Then there were all those fantastic programs on SBS on late, late at night when everyone else was asleep. I’d sneak downstairs and put the TV on and put the volume just enough so you could hear it and watch these great programs about sexuality and gay men. I’d wish some of the men were really sexy but they weren’t – still, they told a story that I yearned to connect to so that I felt less like an alien and more normal.

When I left the great rigidity of high school and went to university I discovered it was more about free-thinking and challenging things. At uni I felt that everyone else was really relaxed and easygoing; I was too, to a degree, but I felt there was something else I needed to do about that.

I was doing a computers course as part of my degree; it was a time when the whole online dating thing was starting. We had twenty-four hour access to a computer with the internet and I was really excited about that because it meant I could look at pictures and movies and things like that, but also I could think about meeting up with people. I was looking through online personal ads; they made me nervous and anxious but also excited and I didn’t know what to do so, for a while, I just kept looking at them.

3

 My first time

Chapter:

3.  My first time

Back to top

And then in my first year of uni I met someone from the internet. He lived in Bondi, a place I hadn’t been to many times. I organised to meet him, which was incredibly scary for me. I guess part of the coming out process was giving myself the chance to find out what it meant to be in a sexual environment like that – to have gay sex – because I’d romanticised it and thought it was going to be beautiful and everything else.

"I’ve just had sex with a guy!"

I met this guy and he was really nice. We had sex, which wasn’t really enjoyable, but I was just so excited that it had happened and I couldn’t believe it. I kept saying to myself: "I’ve just had sex with a guy! I’ve just had sex with a guy!" - so that was really funny. That was in the middle of the night and my Mum was wondering where I was, but the fact that I was always involved in so many different activities meant that I had that excuse for being out late.

Home every night.

Growing up Lebanese meant you had to come home every night, regardless of how old you were.
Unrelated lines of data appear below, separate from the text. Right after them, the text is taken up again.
(* In the setting of the context, suppose $G_{xy}^{[1]}=1$ and $G_x\cong D_{20}$. Then $G_e\cong D_8$.
   Context: $\mathcal{A}=(G_x,G_e,G_{xy})$ is a finite, primitive amalgam of degree $(5,2)$ (no nontrivial subgroup of $G_{xy}$ normal in both $G_x$ and $G_e$; $|G_x:G_{xy}|=5$, $|G_e:G_{xy}|=2$), $G=G_x*_{G_{xy}}G_e$ acts on the coset graph (5-valent tree) $\Gamma$, $x$ is the vertex with stabiliser $G_x$, $y$ the neighbour with $G_e$ the setwise stabiliser of $\{x,y\}$ and $G_x\cap G_y=G_{xy}$. $G_z^{[1]}$ is the pointwise stabiliser of $z$ and its neighbours, $G_{xy}^{[1]}=G_x^{[1]}\cap G_y^{[1]}$. $D_{2n}$ denotes the dihedral group of order $2n$. *)

From mathcomp Require Import all_boot all_fingroup all_solvable.
Set Implicit Arguments. Unset Strict Implicit. Unset Printing Implicit Defensive.
Local Open Scope group_scope.

(* An amalgam (G_x, G_e, G_xy) realised inside an ambient finite group gT:
   G_xy = G_x :&: G_e. *)
Definition amalgam (gT : finGroupType) (Gx Ge Gxy : {set gT}) : Prop :=
  Gx :&: Ge = Gxy.

Definition primitive_amalgam (gT : finGroupType) (Gx Ge Gxy : {set gT}) : Prop :=
  forall H : {group gT}, H \subset Gxy -> H <| Gx -> H <| Ge -> H :=: 1.

(* G_x^[1]: kernel of the action of G_x on the neighbours of x,
   i.e. on the cosets G_x/G_xy; this is the core of G_xy in G_x. *)
Definition vstab1 (gT : finGroupType) (Gx Gxy : {set gT}) : {set gT} :=
  gcore Gxy Gx.

(* G_y = G_x^t for t in G_e \ G_xy; G_y^[1] = (G_x^[1])^t.
   G_xy^[1] = G_x^[1] :&: G_y^[1]. *)
Definition estab1 (gT : finGroupType) (Gx Ge Gxy : {set gT}) : {set gT} :=
  vstab1 Gx Gxy :&: (vstab1 Gx Gxy :^ repr (Ge :\: Gxy)).

From mathcomp Require Import all_boot all_fingroup all_solvable.
From mathcomp Require Import zify.
Local Open Scope group_scope.

(* Put V := G_xy, E := G_e.  Since |G_x| = 20 and
   |G_x : V| = 5, V is a Sylow 2-subgroup of G_x of order 4 (hence abelian),
   and |E| = 8 with |E : V| = 2.
   1. A dihedral group of order 4n has a central involution z; for G_x it
      spans a normal 2-subgroup, which therefore lies in the Sylow
      2-subgroup V.
   2. In E, the abelian subgroup V is maximal, so the centraliser of z in E
      is either V or E.  The latter would make <z> normal in both G_x and
      G_e, contradicting primitivity; hence C_E(z) = V.
   3. For t in E \ V, the centraliser C_V(t) has order at most 2; a short
      computation then shows that t or t * z is an involution u outside V.
   4. The involutions u and z do not commute, so they generate a
      nonabelian dihedral subgroup of E; being nonabelian inside a group of
      order 8 it is all of E, whence E is isomorphic to D_8. *)

(* A dihedral group of order 4n has a central involution: writing it as
   <x, y> with x ^+ 2n = y ^+ 2 = 1 and x ^ y = x^-1, the order count forces
   #[x] = 2n, and x ^+ n is inverted, hence fixed, by y. *)
Lemma dihedral_central_involution {gT : finGroupType} {G : {group gT}} {n : nat} :
  0 < n -> G \isog 'D_(n.*2.*2) -> exists2 z, z \in 'Z(G) & #[z] = 2.
Proof.
move=> n_gt0 isoG; have n2_gt1 : 1 < n.*2 by rewrite -muln2; lia.
have : G \homg 'D_(n.*2.*2) by apply: isog_hom.
rewrite Grp_dihedral //; case/existsP=> -[x y] /= /eqP[defG x2n y2 xy].
have ox : #[x] = n.*2.
  have le_x : #[x] <= n.*2 by rewrite dvdn_leq ?order_dvdn ?x2n // ltnW.
  have le_y : #[y] <= 2 by rewrite dvdn_leq ?order_dvdn ?y2.
  have := mul_cardG <[x]> <[y]>.
  rewrite -norm_joinEr ?norms_cycle ?xy ?groupV ?cycle_id // defG -!orderE.
  rewrite (card_isog isoG) card_dihedral //.
  have : 0 < #|<[x]>%G :&: <[y]>%G| := cardG_gt0 _.
  have : #[x] * #[y] <= #[x] * 2 by rewrite leq_mul2l le_y orbT.
  move: le_x; rewrite -!muln2; nia.
exists (x ^+ n); last by rewrite orderXdiv ox -muln2 ?mulKn ?dvdn_mulr.
have xnV : (x ^+ n)^-1 = x ^+ n.
  by apply/eqP; rewrite eq_invg_mul -expgD addnn -x2n.
rewrite inE -defG groupX ?mem_gen ?inE ?cycle_id //=.
rewrite -sub_cent1 join_subG !cycle_subG.
apply/andP; split; apply/cent1P; first exact: commuteX.
by apply/commute_sym/commgP/conjg_fixP; rewrite conjXg xy expVgn xnV.
Qed.

Lemma conjg_fix_commute {gT : finGroupType} (x y : gT) : x ^ y = x <-> commute x y.
Proof. by split=> [/conjg_fixP/commgP | /commgP/conjg_fixP]. Qed.

Section AbelianIndexTwo.

Variables (gT : finGroupType) (E V : {group gT}).
Hypotheses (sVE : V \subset E) (iVE : #|E : V| = 2).

(* Every square of E lies in V, since E :\: V is the single coset V :* t. *)
Lemma index2_square_mem t : t \in E -> t ^+ 2 \in V.
Proof.
move=> Et; have [Vt | nVt] := boolP (t \in V); first by rewrite groupX.
apply: contraR (nVt) => nVt2.
have : t ^+ 2 \in V :* t.
  by rewrite (rcoset_index2 sVE iVE) !inE ?nVt2 ?nVt ?groupX ?Et.
by rewrite mem_rcoset expgS expg1 mulgK.
Qed.

Hypothesis abV : abelian V.

(* V is maximal in E, and the centraliser of z \in V contains V, so it is
   either V itself or all of E. *)
Lemma index2_centraliser {z : gT} : z \in V -> 'C_E[z] \subset V \/ z \in 'Z(E).
Proof.
move=> Vz; have maxV : maximal V E by apply: p_index_maximal; rewrite ?iVE.
have sVC : V \subset 'C_E[z] by rewrite subsetI sVE sub_cent1 (subsetP abV).
have [ltCE | ] := boolP ('C_E[z] \proper E).
  by left; rewrite ((maxgroupP maxV).2 'C_E[z]%G ltCE sVC).
rewrite properE subsetIl /= => /negPn sEC; right.
by rewrite inE (subsetP sVE) // -sub_cent1 (subset_trans sEC) ?subsetIr.
Qed.

Variable z : gT.
Hypotheses (oV : #|V| = 4) (Vz : z \in V) (oz : #[z] = 2).

(* For t \in E not centralising z, with t ^+ 2 != 1: the centraliser C_V(t)
   is a proper subgroup of V, hence of order at most 2, and it contains both
   t ^+ 2 and z * z ^ t; these two nontrivial elements are therefore equal. *)
Lemma index2_square_twisted t :
  t \in E -> t \notin 'C[z] -> t ^+ 2 != 1 -> t ^+ 2 = z * z ^ t.
Proof.
move=> Et nCt t2_neq1.
have Nt : t \in 'N(V) by rewrite (subsetP (normal_norm (index2_normal sVE iVE))).
have Vt2 := index2_square_mem t Et.
have zV : z^-1 = z by rewrite invg_expg oz.
have cVV a b : a \in V -> b \in V -> commute a b by move=> Va Vb; apply: (centsP abV).
pose C := 'C_V[t].
have Ct2 : t ^+ 2 \in C by rewrite inE Vt2 groupX ?cent1id.
have Czw : z * z ^ t \in C.
  rewrite inE groupM ?memJ_norm //=; apply/cent1P/conjg_fix_commute.
  rewrite conjMg -conjgM -[t * t]/(t ^+ 2).
  by rewrite ((conjg_fix_commute z (t ^+ 2)).2 (cVV _ _ Vz Vt2)) cVV ?memJ_norm.
have leC2 : #|C| <= 2.
  have ltCV : #|C| < 4.
    rewrite -oV proper_card // properE subsetIl; apply/subsetPn; exists z => //.
    by rewrite inE Vz cent1C.
  have : #|C| %| 4 by rewrite -oV cardSg ?subsetIl.
  by case: #|C| ltCV => [|[|[|[|]]]].
have zw_neq1 : z * z ^ t != 1.
  apply: contra nCt => /eqP zw1; apply/cent1P/commute_sym/conjg_fix_commute.
  by rewrite -(mulKg z (z ^ t)) zw1 mulg1 zV.
have defC : C = [set 1; z * z ^ t].
  apply/eqP; rewrite eq_sym eqEcard subUset !sub1set group1 Czw cards2.
  by rewrite eq_sym zw_neq1.
by move: Ct2; rewrite defC !inE (negPf t2_neq1) => /eqP.
Qed.

(* If no element outside V centralises z, then E :\: V contains an
   involution: for any t \in E :\: V, either t itself or t * z. *)
Lemma index2_involution_outside :
  'C_E[z] \subset V -> exists2 u, u \in E :\: V & #[u] = 2.
Proof.
move=> sCV; have /subsetPn[t Et nVt] : ~~ (E \subset V) by rewrite -indexg_eq1 iVE.
have t_neq1 : t != 1 by apply: contraNneq nVt => ->.
have [t2_1 | t2_neq1] := eqVneq (t ^+ 2) 1.
  by exists t; rewrite ?inE ?nVt ?Et ?(nt_prime_order _ t2_1).
have nCt : t \notin 'C[z].
  by apply: contra nVt => Ct; apply: (subsetP sCV); rewrite inE Et.
have tz2 : (t * z) ^+ 2 = 1.
  have z2 : z * z = 1 by rewrite -[z * z]/(z ^+ 2) -oz expg_order.
  rewrite expgS expg1 mulgA -(mulgA t z t) (conjgC z t) (mulgA t t).
  rewrite -[t * t]/(t ^+ 2) (index2_square_twisted t Et nCt t2_neq1).
  by rewrite -(mulgA z) -conjMg z2 conj1g mulg1 z2.
have nVtz : t * z \notin V by rewrite groupMr.
exists (t * z); first by rewrite inE nVtz groupM // (subsetP sVE).
by apply: (nt_prime_order _ tz2) => //; apply: contraNneq nVtz => ->.
Qed.

End AbelianIndexTwo.

Arguments index2_centraliser {gT E V} sVE iVE abV {z}.
Arguments index2_involution_outside {gT E V} sVE iVE abV {z}.

(* Two non-commuting involutions of a group of order 8 generate it, and the
   group they generate is dihedral. *)
Lemma dihedral8_of_involutions {gT : finGroupType} {E : {group gT}} {u z : gT} :
    #|E| = 8 -> u \in E -> z \in E -> #[u] = 2 -> #[z] = 2 -> u \notin 'C[z] ->
  E \isog 'D_8.
Proof.
move=> oE Eu Ez ou oz nCuz.
have u_neq_z : u != z by apply: contraNneq nCuz => ->; apply: cent1id.
set G := <<[set u; z]>>.
have isoG : G \isog 'D_#|G| := involutions_gen_dihedral ou oz u_neq_z.
have sGE : G \subset E by rewrite gen_subG subUset !sub1set Eu Ez.
have nabG : ~~ abelian G.
  have [Gu Gz] : u \in G /\ z \in G by rewrite !mem_gen // !inE eqxx ?orbT.
  by apply: contra nCuz => /centsP cGG; apply/cent1P; apply: cGG.
have oG : #|G| = 8.
  have pG : 2.-group G by apply: pgroupS sGE _; rewrite /pgroup oE.
  have : #|G| %| 8 by rewrite -oE cardSg.
  move: nabG; have := p2group_abelian pG.
  by case: #|G| => [|[|[|[|[|[|[|[|[|]]]]]]]]] //= ->.
have -> : E = G :> {set gT} by apply/eqP; rewrite eq_sym eqEcard sGE oG oE.
by move: isoG; rewrite oG.
Qed.

Theorem mainTheorem6 (gT : finGroupType) (Gx Ge Gxy : {group gT}) :
  amalgam Gx Ge Gxy ->
  primitive_amalgam Gx Ge Gxy ->
  #|Gx : Gxy| = 5%N ->
  #|Ge : Gxy| = 2%N ->
  estab1 Gx Ge Gxy = 1 ->
  Gx \isog 'D_20 ->
  Ge \isog 'D_8.
Proof.
move=> amal prim iX iE _ isoX.
have sVX : Gxy \subset Gx by rewrite -amal subsetIl.
have sVE : Gxy \subset Ge by rewrite -amal subsetIr.
have oV : #|Gxy| = 4.
  by move: (Lagrange sVX); rewrite (card_isog isoX) (@card_dihedral 10) // iX; lia.
have oE : #|Ge| = 8 by rewrite -(Lagrange sVE) oV iE.
have abV : abelian Gxy by apply: (@card_p2group_abelian _ 2).
have [z Zz oz] := dihedral_central_involution (isT : 0 < 5) isoX.
have nZX : <[z]> <| Gx by rewrite sub_center_normal ?cycle_subG.
(* <z> is a normal 2-subgroup of G_x, so it lies in the Sylow subgroup G_xy. *)
have Vz : z \in Gxy.
  have hallV : 2.-Hall(Gx) Gxy by rewrite /pHall sVX /pgroup oV iX.
  rewrite -cycle_subG; apply: normal_sub_max_pgroup (Hall_max hallV) _ nZX.
  by rewrite /pgroup /= -orderE oz.
(* By primitivity <z> is not normal in G_e, so C_Ge(z) = G_xy. *)
have sCV : 'C_Ge[z] \subset Gxy.
  have [// | ZEz] := index2_centraliser sVE iE abV Vz.
  have := prim <[z]>%G; rewrite cycle_subG Vz => /(_ isT nZX).
  rewrite sub_center_normal ?cycle_subG // => /(_ isT) z1.
  by move: oz; rewrite orderE z1 cards1.
have [u /setDP[Eu nVu] ou] := index2_involution_outside sVE iE abV oV Vz oz sCV.
have nCuz : u \notin 'C[z].
  by apply: contra nVu => Cu; apply: (subsetP sCV); rewrite inE Eu.
exact: dihedral8_of_involutions oE Eu (subsetP sVE z Vz) ou oz nCuz.
Qed.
It’s worse for girls, but as a young Lebanese guy I had to come home and sleep in my bed, no excuse, and so that was an issue when I started meeting people. I was about eighteen or nineteen at this time. I definitely wanted it to happen earlier, but I think everything happens for a reason and I was ready at that time.

Coloured balls.

After that happened, even though I felt the euphoria, I still didn’t feel any closer to coming out to my parents or my family. I still thought it was just never going to happen. Then I started working alongside an openly gay guy. This guy could tell I was gay and I didn’t think anyone could. We were just hanging out one day – our workplace had one of those ball-pits for kids to play in, you know, with all the coloured balls in it, and we had to go and clean it up. While we were in there he suddenly said to me: "So, do you want to talk about anything?" I said: "I don’t know what you’re talking about! What do you mean?" getting all nervous and anxious. He said: "I’m gay and I’ve been living as a gay man for a while now and it’s really hard at first" and so-on. I said: "Yeah, I’m attracted to guys too". Just saying that felt scary and amazing and raw all at the same time.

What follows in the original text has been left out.